Prepare the following models to be used in a modeling pipeline:
- Prepare a StringIndexer for `neighbourhood_cleansed`, `room_type`, `property_type`, `bed_type`
- Prepare a OneHotEncoder for `neighbourhood_cleansed`, `room_type`, `property_type`, `bed_type`

In [19]:
from pyspark.ml.feature import StringIndexer, OneHotEncoder

prep_stages = []

# TODO: Prepare a StringIndexer for `neighbourhood_cleansed`, `room_type`, `zipcode`, `property_type`, `bed_type`
for c in ['neighbourhood_cleansed', 'room_type', 'property_type', 'bed_type']:
  indexer = StringIndexer(inputCol = c, outputCol = 'cat_' + c, handleInvalid='skip')
  encoder = OneHotEncoder(inputCol = 'cat_' + c, outputCol = c + "_vec", dropLast = True)
  prep_stages += [indexer, encoder]

Now *StringIndex* all categorical features (`neighbourhood_cleansed`, `room_type`, `zipcode`, `property_type`, `bed_type`) and set `handleInvalid` to `skip`. Set the output columns to `cat_neighbourhood_cleansed`, `cat_room_type`, `cat_zipcode`, `cat_property_type` and `cat_bed_type`, respectively.

## Split the Data for Model Development

Let's keep 80% for the training set and set aside 20% of our data for the test set.

**NOTE:** The data is now split into three sets:
- `trainDF` - used for training a model
- `testDF` - used for internal validation of hyperparamters
- `holdOutDF` - used for final assessement of model and comparison to models prepared by other teams

In [22]:
# TODO: Perform a train-test split on `modelingDF`
seed = 273
(testDF, trainDF) = modelingDF.randomSplit([0.2, 0.8], seed=seed)
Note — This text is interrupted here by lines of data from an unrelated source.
(* $\mathcal{OBLOT}^{F}_{\mathcal{F.V.}} > \mathcal{OBLOT}^{F}_{\mathcal{L.V.}}$, i.e. the model $\mathcal{OBLOT}$ under the fully synchronous scheduler with full visibility is computationally more powerful than the model $\mathcal{OBLOT}$ under the fully synchronous scheduler with limited visibility.
   Context: Robots are anonymous, identical, autonomous computational entities viewed as points moving in the Euclidean plane. Each has its own local coordinate system, with no agreement between robots and no common chirality, and perceives itself at its origin. Robots operate in Look-Compute-Move cycles. In Look a robot takes an instantaneous snapshot of the positions (and visible lights, if any) of the robots it can see. In Compute it runs the common algorithm on the snapshot to obtain a destination. In Move it moves there. Models: - $\mathcal{OBLOT}$: robots are oblivious (no memory of previous cycles) and silent (no means of communication). - $\mathcal{LUMI}$: each robot carries a persistent light whose color is taken from a finite set and is set at the end of Compute; the light is visible to the robot itself and to the other robots. - $\mathcal{FSTA}$: the light is internal, visible only to its owner. It acts as a finite persistent state; there is no communication. - $\mathcal{FCOM}$: the light is visible only to the other robots. A robot does not see its own light and is otherwise oblivious. Schedulers: time is divided into rounds. Under the semi-synchronous scheduler $S$ (SSYNCH), in each round an adversarially chosen set of robots is activated and they perform one full cycle in perfect synchronization; every robot is activated infinitely often. Under the fully synchronous scheduler $F$ (FSYNCH), every robot is activated in every round. Visibility: - Full visibility $\mathcal{F.V.}$: every robot sees all robots. - Limited visibility $\mathcal{L.V.}$: a robot sees only the robots within a fixed distance $V_r$ of its current position, with $V_r$ the same for all robots. The visibility graph (robots adjacent iff they see each other) of the initial configuration is assumed connected. Relations: $\mathcal{M}^X_V$ denotes model $\mathcal{M}$ under scheduler $X$ with visibility $V$. For a team $R$ of robots, $Task(\mathcal{M},X,V;R)$ is the set of problems (tasks where robots must form some configuration(s) subject to conditions) solvable by $R$ in that setting. $\mathcal{R}$ is the set of all teams, and $\mathcal{R}_n$ the set of teams of size $n$. - $\mathcal{M}^{X_1}_{V_1} \ge \mathcal{N}^{X_2}_{V_2}$ if for all $R\in\mathcal{R}$, $Task(\mathcal{M},X_1,V_1;R)\supseteq Task(\mathcal{N},X_2,V_2;R)$. - $>$ means $\ge$ holds and there exists $R\in\mathcal{R}$ with $Task(\mathcal{M},X_1,V_1;R)\setminus Task(\mathcal{N},X_2,V_2;R)\neq\emptyset$. - $\perp$ (incomparable) means there exist $R_1,R_2\in\mathcal{R}$ with $Task(\mathcal{M},X_1,V_1;R_1)\setminus Task(\mathcal{N},X_2,V_2;R_1)\neq\emptyset$ and $Task(\mathcal{N},X_2,V_2;R_2)\setminus Task(\mathcal{M},X_1,V_1;R_2)\neq\emptyset$. *)

From Stdlib Require Import Reals List Relations.
Open Scope R_scope.
(* Let $M$ be an $m\times n$ $0/1$-matrix. Let $B_v$ and $B_w$ be two blocks of $M$ each consisting of all $m$ rows, where $B_v$ consists of columns $s_1,\ldots,s_2$ and $B_w$ of columns $s_2,\ldots,s_3$ (so they share exactly column $s_2$), and let $B_y$ be the block consisting of all rows and columns $s_1,\ldots,s_3$. Given $\bar{\Phi}(B_v)$ and $\bar{\Phi}(B_w)$, the data structure $\bar{\Phi}(B_y)$ can be computed in $O(m)$ time.
   Context: Entries of $M$ are indexed $(a,b)$, rows increasing from bottom to top, columns left to right. A path from $(k,l)$ to $(i,j)$ is a sequence of $1$-entries starting at $(k,l)$ and ending at $(i,j)$ in which each step goes from $(a,b)$ to $(a+1,b)$, $(a,b+1)$ or $(a+1,b+1)$; $(i,j)$ is reachable from $(k,l)$ if such a path exists. For a block $B$ (submatrix of contiguous rows and columns $s^-\le b\le s^+$), its left vertical boundary $\bar{B}^-$ is the set of entries of column $s^-$ in $B$ and its right vertical boundary $\bar{B}^+$ the set of entries of column $s^+$ in $B$, each ordered by increasing row. The data structure $\bar{\Phi}(B)$ stores: (1) for each $1$-entry $i$ of $\bar{B}^-$, the first entry $\bar{\sigma}_A(i)$ and the last entry $\bar{\sigma}_Z(i)$ of $\bar{B}^+$ reachable from $i$; (2) for each $1$-entry $j$ of $\bar{B}^+$, a flag $\bar{f}(j)$ indicating whether $j$ is reachable from some entry of $\bar{B}^-$, a list $\bar{L}_A(j)$ of the $1$-entries $i\in\bar{B}^-$ with $\bar{\sigma}_A(i)=j$, and a list $\bar{L}_Z(j)$ of the $1$-entries $i\in\bar{B}^-$ with $\bar{\sigma}_Z(i)=j$. Running time is in the RAM model. *)

From Stdlib Require Import Arith List.
Import ListNotations.

(* M : nat -> nat -> bool, entry (a,b) = M a b (row a, column b);       *)
(* rows 0..m-1 (increasing bottom to top), columns 0..n-1.             *)
Inductive reach (M : nat -> nat -> bool) (m n : nat)
  : nat -> nat -> nat -> nat -> Prop :=
| reach_refl a b :
    a < m -> b < n -> M a b = true -> reach M m n a b a b
| reach_step a b a' b' c d :
    a < m -> b < n -> M a b = true ->
    ((a' = S a /\ b' = b) \/ (a' = a /\ b' = S b) \/ (a' = S a /\ b' = S b)) ->
    reach M m n a' b' c d -> reach M m n a b c d.

(* For the block of all rows and columns lo..hi (lo <= hi), a path from
   column lo to column hi stays within columns lo..hi (steps are monotone),
   so reachability inside the block is reach with those endpoints. *)

Definition SigmaA M m n lo hi (i j : nat) : Prop :=
  j < m /\ reach M m n i lo j hi /\
  (forall j', j' < j -> ~ reach M m n i lo j' hi).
print(trainDF.count(), testDF.count())

## Prepare a Benchmark Model

- Define a `list` (Python) or `Array` (Scala) containing the features to be used. It is recommended to use the following features:

  `"host_total_listings_count"`, ` "accommodates"`, ` "bathrooms"`, ` "bedrooms"`, ` "beds"`, ` "minimum_nights"`, ` "number_of_reviews"`, ` "review_scores_rating"`, ` "review_scores_accuracy"`, ` "review_scores_cleanliness"`, ` "review_scores_checkin"`, ` "review_scores_communication"`, ` "review_scores_location"`, ` "review_scores_value"`, ` "vec_neighborhood"`, `"vec_room_type"`, `"vec_zipcode"`, `"vec_property_type"`, `"vec_bed_type"`
- Build a Linear Regression pipeline that contains:
  - each of the StringIndexers
  - the OneHotEncoder
  - a VectorAssembler
  - a LinearRegression Estimator
- Evaluate the performance of the Benchmark Model using a RegressionEvaluator

In [24]:
# TODO: Define a `list` (Python) or `Array` (Scala) containing the features to be used.
features = ["host_total_listings_count", "accommodates", "bathrooms", "bedrooms", "beds", "minimum_nights", "number_of_reviews", "review_scores_rating", "review_scores_accuracy", "review_scores_cleanliness", "review_scores_checkin", "review_scores_communication", "review_scores_location", "review_scores_value", "neighbourhood_cleansed_vec", "room_type_vec", "property_type_vec", "bed_type_vec"]

In [25]:
# TODO: Assemble a sparse vector column containing the features for your model
from pyspark.ml.feature import VectorAssembler

assembler = VectorAssembler(inputCols = features, outputCol = "features")

In [26]:
print("Number of preprocessing stages: %s" % len(prep_stages))

Define a `LinearRegression` model and a `Pipeline` that combines your `prep_stages` for data pre-processing with the `LinearRegression`.

In [28]:
# TODO : Build a Linear Regression pipeline that also includes the `prep_stages`
from pyspark.ml import Pipeline
from pyspark.ml.regression import LinearRegression

lr = LinearRegression().setLabelCol('price')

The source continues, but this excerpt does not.